Seasons
- ← 1984 (F2)1986 →

= 1985 European Formula 3000 Championship =

Motor racing competition

The 1985 European Formula 3000 Championship was the inaugural season of the Formula 3000 category. The European Formula 3000 Championship replaced Formula Two as the official feeder series to Formula One. It was scheduled over 12 rounds and contested over 11 rounds. 14 different teams tried their luck with 33 different drivers and 7 different chassis. The series was won by the German Christian Danner driving for BS Automotive.

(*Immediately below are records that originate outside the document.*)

Section RealProbability.
Context {d : measure_display} {Omega : measurableType d} {R : realType}
  (P : probability Omega R).
Implicit Types A B : set Omega.

Lemma prob0 : prob P set0 = 0.
Proof. by rewrite /prob measure0. Qed.

Lemma probU A B : measurable A -> measurable B -> A `&` B = set0 ->
  prob P (A `|` B) = prob P A + prob P B.
Proof. by move=> mA mB AB0; rewrite /prob measureU // fineD // fin_num_measure. Qed.

Lemma probD A B : measurable A -> measurable B ->
  prob P (A `\` B) = prob P A - prob P (A `&` B).
Proof.
move=> mA mB; have mAB := measurableI _ _ mA mB.
rewrite /prob measureD ?fineB ?fin_num_measure //.
by rewrite ltey_eq fin_num_measure.
Qed.

Lemma probC A : measurable A -> prob P (~` A) = 1 - prob P A.
Proof. by move=> mA; rewrite /prob probability_setC // fineB ?fin_num_measure. Qed.

Lemma measurable_forall_in {K : finType} (S : {set K}) (E : K -> set Omega) :
  (forall k, measurable (E k)) -> measurable [set w | forall k, k \in S -> E k w].
Proof. by move=> mE; apply: (fin_bigcap_measurable finite_finset) => k _. Qed.

Lemma ffun_fiberE {K T : finType} (X : K -> Omega -> T) (f : {ffun K -> T}) :
  [set w | [ffun k => X k w] = f] = [set w | forall k, X k w = f k].
Proof.
apply/funext => w; apply/propext; split => [<- k|Xf]; first by rewrite ffunE.
by apply/ffunP => k; rewrite ffunE.
Qed.

Lemma measurable_ffun_fiber {K T : finType} (X : K -> Omega -> T) :
  (forall k t, measurable [set w | X k w = t]) ->
  forall f : {ffun K -> T}, measurable [set w | [ffun k => X k w] = f].
Proof.
move=> mX f; rewrite ffun_fiberE.
suff -> : [set w | forall k, X k w = f k] = \bigcap_(k in setT) [set w | X k w = f k].
  by apply: (fin_bigcap_measurable finite_finset) => k _.
by apply/seteqP; split=> [w Xw k _ | w Xw k]; [exact: Xw | apply: Xw].
Qed.

Section DiscreteRandomVariable.
Context {Y : finType} {Z : Omega -> Y}.
Hypothesis mZ : forall y, measurable [set w | Z w = y].

Lemma measurable_preimage (A : pred Y) : measurable [set w | A (Z w)].
Proof.
suff -> : [set w | A (Z w)] = \bigcup_(y in [set y | A y]) [set w | Z w = y].
  by apply: (fin_bigcup_measurable finite_finset) => y _.
by apply/seteqP; split=> [w Aw | w [y Ay /= ->]] //; exists (Z w).
Qed.

Lemma prob_preimage_seq (s : seq Y) : uniq s ->
  prob P [set w | Z w \in s] = \sum_(y <- s) prob P [set w | Z w = y].
Proof.
elim: s => [_|y s IH /= /andP[ys us]].
  rewrite big_nil -prob0; congr (prob P _).
  by apply/seteqP; split=> w //=; rewrite in_nil.
rewrite big_cons -IH //.
have -> : [set w | Z w \in y :: s] = [set w | Z w = y] `|` [set w | Z w \in s].
  apply/seteqP; split=> w /=; rewrite in_cons.
    by case/orP=> [/eqP|]; [left | right].
  by case=> [->|Zs]; rewrite ?eqxx ?Zs ?orbT.
apply: probU => //; first exact: (measurable_preimage (mem s)).
by apply/seteqP; split=> w //= [-> ys']; move: ys; rewrite ys'.
Qed.

Lemma prob_preimage (A : pred Y) :
  prob P [set w | A (Z w)] = \sum_(y | A y) prob P [set w | Z w = y].
Proof.
rewrite -big_filter -prob_preimage_seq ?filter_uniq ?index_enum_uniq //.
by congr (prob P _); apply/funext => w /=; rewrite mem_filter mem_index_enum andbT.
Qed.

End DiscreteRandomVariable.

Section IndependentDiscreteRandomVariables.
Context {X Y : finType} {U : Omega -> X} {V : Omega -> Y}.
Hypotheses (mU : forall x, measurable [set w | U w = x])
  (mV : forall y, measurable [set w | V w = y]).
Hypothesis UV_indep : forall x y,
  prob P ([set w | U w = x] `&` [set w | V w = y]) =
  prob P [set w | U w = x] * prob P [set w | V w = y].
Lemma admissibleC (p : nat) (A B : int) : admissible p A B = admissible p B A.
Proof.
rewrite /admissible [(1 + B) * _]mulrC -[B - A]opprB rpredN.
rewrite (_ : G B A = G A B); last by rewrite /G; ring.
by rewrite [X in _ = (_ && X)]andbCA.
Qed.

(* On these classes [2 (A - B) = 3] and [4 G(A, B) = 9] mod [p], whence [p > 3]. *)
Lemma admissible_halves (p : nat) (A B : int) : prime p -> (3 < p)%N ->
  (p%:Z %| A - 1)%Z -> (p%:Z %| 2 * B + 1)%Z -> admissible p A B.
Proof.
move=> p_pr p_gt3 pA pB; have pN3 n := prime_ndvdz_exp3 n p_pr p_gt3.
apply/and5P; split; last 4 first.
- apply/ndvdz_prime_sqr/(@ndvdz_mul_sub _ 1 _ _ _ (pN3 0%N)).
  by rewrite mul1r expr0.
- apply/ndvdz_prime_sqr/(@ndvdz_mul_sub _ (-2) _ _ _ (pN3 0%N)).
  by rewrite expr0 (_ : _ - 1 = - (2 * B + 1)) ?rpredN //; ring.
- apply/ndvdz_prime_sqr/(@ndvdz_mul_sub _ 2 _ _ _ (pN3 1%N)).
  by rewrite (_ : _ - _ = 2 * (A - 1) - (2 * B + 1)) ?rpredB ?dvdz_mull //; ring.
- apply/ndvdz_prime_sqr/(@ndvdz_mul_sub _ 4 _ _ _ (pN3 2%N)).
  rewrite (_ : _ - _ = (A - 1) * (4 * A - 8 * B - 4) + (2 * B + 1) * (2 * B - 9)).
    by rewrite rpredD ?dvdz_mulr.
  by rewrite /G; ring.
rewrite -(dvdz_oddprime_mul2l _ p_pr (ltnW p_gt3)).
rewrite (_ : 2 * _ = (1 + A) * (2 * B + 1) + (A - 1)); last by ring.
by rewrite rpredD ?dvdz_mull.
Qed.

Lemma admissible_shift (p : nat) (A B j1 j2 : int) :
  admissible p (A + (p ^ 2)%:Z * j1) (B + (p ^ 2)%:Z * j2) = admissible p A B.
Proof.
set P := (p ^ 2)%:Z; have PE : P = p%:Z * p%:Z by rewrite /P expnS expn1 PoszM.
have shift x c : (P %| x + P * c)%Z = (P %| x)%Z := rpredDr _ (dvdz_mulr c (dvdzz P)).
rewrite /admissible (_ : _ - (B + P * j2) = A - B + P * (j1 - j2)); last by ring.
rewrite (_ : G _ _ = G A B + P * (2 * (A - B) * (j1 - j2) + P * (j1 - j2) ^+ 2
                                  - 2 * (j1 + j2))); last by rewrite /G; ring.
rewrite (_ : _ * _ - 1 = (1 + A) * (1 + B) - 1
           + p%:Z * (p%:Z * (j1 * (1 + B) + (1 + A) * j2 + P * j1 * j2))).
  by rewrite !shift rpredDr // dvdz_mulr.
by rewrite PE; ring.
Qed.

Lemma admissible_modn (p A B : nat) :
  admissible p A%:Z B%:Z = admissible p (A %% p ^ 2)%N%:Z (B %% p ^ 2)%N%:Z.
Proof.
rewrite -[RHS](admissible_shift _ _ _ (A %/ p ^ 2)%N%:Z (B %/ p ^ 2)%N%:Z).
by rewrite -!PoszM -!PoszD !(addnC (_ %% _)%N) !(mulnC (p ^ 2)%N) -!divn_eq.
Qed.

Lemma leq_size_pairs (n : nat) (s : seq (nat * nat)) : uniq s ->
  all (fun ab => (ab.1 < n) && (ab.2 < n))%N s ->
  (size s <= #|[set y : 'I_n * 'I_n | ((y.1 : nat), (y.2 : nat)) \in s]|)%N.
Proof.
move=> s_uniq /allP s_lt; pose val2 (y : 'I_n * 'I_n) := ((y.1 : nat), (y.2 : nat)).
rewrite cardE -[X in (_ <= X)%N](size_map val2).
apply: uniq_leq_size => // -[a b] ab_s; have /andP [a_lt b_lt] := s_lt _ ab_s.
by apply/mapP; exists (Ordinal a_lt, Ordinal b_lt); rewrite ?mem_enum ?inE.
Qed.

Lemma leq_card_lift (M n K : nat) (S0 : {set 'I_n * 'I_n}) (S : {set 'I_M * 'I_M}) :
  M = (n * K)%N ->
  (forall (x : 'I_M * 'I_M) (y : 'I_n * 'I_n), y \in S0 ->
     (x.1 %% n)%N = y.1 -> (x.2 %% n)%N = y.2 -> x \in S) ->
  (#|S0| * K ^ 2 <= #|S|)%N.
Proof.
move=> MnK S0S.
have lift_lt (a : 'I_n) (j : 'I_K) : (a + n * j < M)%N.
  rewrite MnK; apply: (@leq_trans (n * j.+1)); first by rewrite mulnS ltn_add2r.
  by rewrite leq_mul2l ltn_ord orbT.
have liftK (a : 'I_n) (j : 'I_K) : ((a + n * j) %% n = a)%N.
  by rewrite addnC mulnC modnMDl modn_small.
have liftKd (a : 'I_n) (j : 'I_K) : ((a + n * j) %/ n = j)%N.
  by rewrite addnC mulnC divnMDl ?divn_small ?addn0 //; apply: leq_ltn_trans (ltn_ord a).
pose f (z : ('I_n * 'I_n) * ('I_K * 'I_K)) : 'I_M * 'I_M :=
  (Ordinal (lift_lt z.1.1 z.2.1), Ordinal (lift_lt z.1.2 z.2.2)).
have lift_inj (a a' : 'I_n) (j j' : 'I_K) :
    (a + n * j = a' + n * j')%N -> a = a' /\ j = j'.
  move=> e; split; apply: val_inj => /=.
    by rewrite -(liftK a j) e liftK.
  by rewrite -(liftKd a j) e liftKd.
have f_inj : injective f.
  by move=> [[a1 b1] [j1 k1]] [[a2 b2] [j2 k2]] [/lift_inj [-> ->] /lift_inj [-> ->]].
have : f @: finset.setX S0 [set: 'I_K * 'I_K] \subset S.
  apply/fintype.subsetP => _ /imsetP [[y j] /finset.setXP [yS0 _] ->].
  by apply: (S0S _ y yS0); rewrite /= liftK.
move/subset_leq_card; rewrite card_imset // cardsX cardsT card_prod !card_ord.
by rewrite expnS expn1.
Qed.

Lemma leq_card_Rset1 (p n K : nat) (d : int) (s : seq (nat * nat)) :
  prime p -> (2 < p)%N -> ~~ (p%:Z %| d)%Z -> modl p 1 = (n * K)%N -> uniq s ->
  all (fun ab => (ab.1 < n) && (ab.2 < n))%N s ->
  (forall A B : nat, ((A %% n)%N, (B %% n)%N) \in s -> admissible p A%:Z B%:Z) ->
  (size s * K ^ 2 <= #|Rset (p%:Z * d) p 1|)%N.
Proof.
move=> p_pr p_gt2 pNd MnK s_uniq s_lt s_adm.
pose S0 := [set y : 'I_n * 'I_n | ((y.1 : nat), (y.2 : nat)) \in s].
apply: leq_trans (leq_card_lift (S0 := S0) MnK _).
  by rewrite leq_mul2r leq_size_pairs ?orbT.
move=> x y; rewrite !inE => y_s x1 x2; apply: inR1_admissible => //.
by apply: s_adm; rewrite x1 x2.
Qed.

Lemma card_Rset1_ge (p : nat) (d : int) : prime p -> (3 < p)%N -> ~~ (p%:Z %| d)%Z ->
  (2 * p ^ 16 <= #|Rset (p%:Z * d) p 1|)%N.
Proof.
move=> p_pr p_gt3 pNd; set h := p./2.
have p_odd : odd p by case: (even_prime p_pr) => // p2; rewrite p2 in p_gt3.
have pE : p = (2 * h + 1)%N by have := odd_double_half p; rewrite p_odd /h; lia.
have adm_half A B : (A %% p = 1)%N -> (B %% p = h)%N -> admissible p A%:Z B%:Z.
  move=> Ap Bp; apply: admissible_halves => //.
    by have := dvdz_subn_modn A p; rewrite Ap.
  have := dvdz_subn_modn B p; rewrite Bp => pB.
  rewrite (_ : 2 * B%:Z + 1 = 2 * (B%:Z - h%:Z) + p%:Z) ?rpredD ?dvdz_mull //.
  by rewrite pE PoszD PoszM; ring.
apply: leq_trans (@leq_card_Rset1 p p (p ^ 8) d [:: (1, h); (h, 1)]%N p_pr (ltnW p_gt3) pNd
                   _ _ _ _); first by rewrite -expnM.
- by rewrite /modl -expnS.
- by rewrite /= inE andbT; apply/eqP => -[]; lia.
- by rewrite /= !andbT; apply/and3P; split; lia.
move=> A B; rewrite !inE => /orP [] /eqP [Ap Bp]; first exact: adm_half.
by rewrite admissibleC; apply: adm_half.
Qed.

Lemma card_Rset1_ge_3 (d : int) : ~~ (3%:Z %| d)%Z ->
  (2 * 3 ^ 15 <= #|Rset (3%:Z * d) 3 1|)%N.
Proof.
move=> pNd; pose s := [:: (3, 6); (6, 3); (1, 7); (7, 1); (4, 7); (7, 4)]%N.
have s_adm : all (fun ab => admissible 3 ab.1%:Z ab.2%:Z) s by [].
apply: leq_trans (@leq_card_Rset1 3 9 (3 ^ 7) d s isT isT pNd _ isT isT _).
- by rewrite -expnM (expnS 3 14) mulnA; exact: leqnn.
- by rewrite /modl (expnD 3 2 7).
- by move=> A B; rewrite admissible_modn; apply: (allP s_adm (_, _)).
Qed.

Danner, who was laying second in the championship at the time, would graduate to Formula One when he made his Grand Prix debut for the German Zakspeed team at the 1985 Belgian Grand Prix at Spa-Francorchamps on 15 September, a week before he won the final round of the F3000 championship at Donington Park to clinch the title from Mike Thackwell.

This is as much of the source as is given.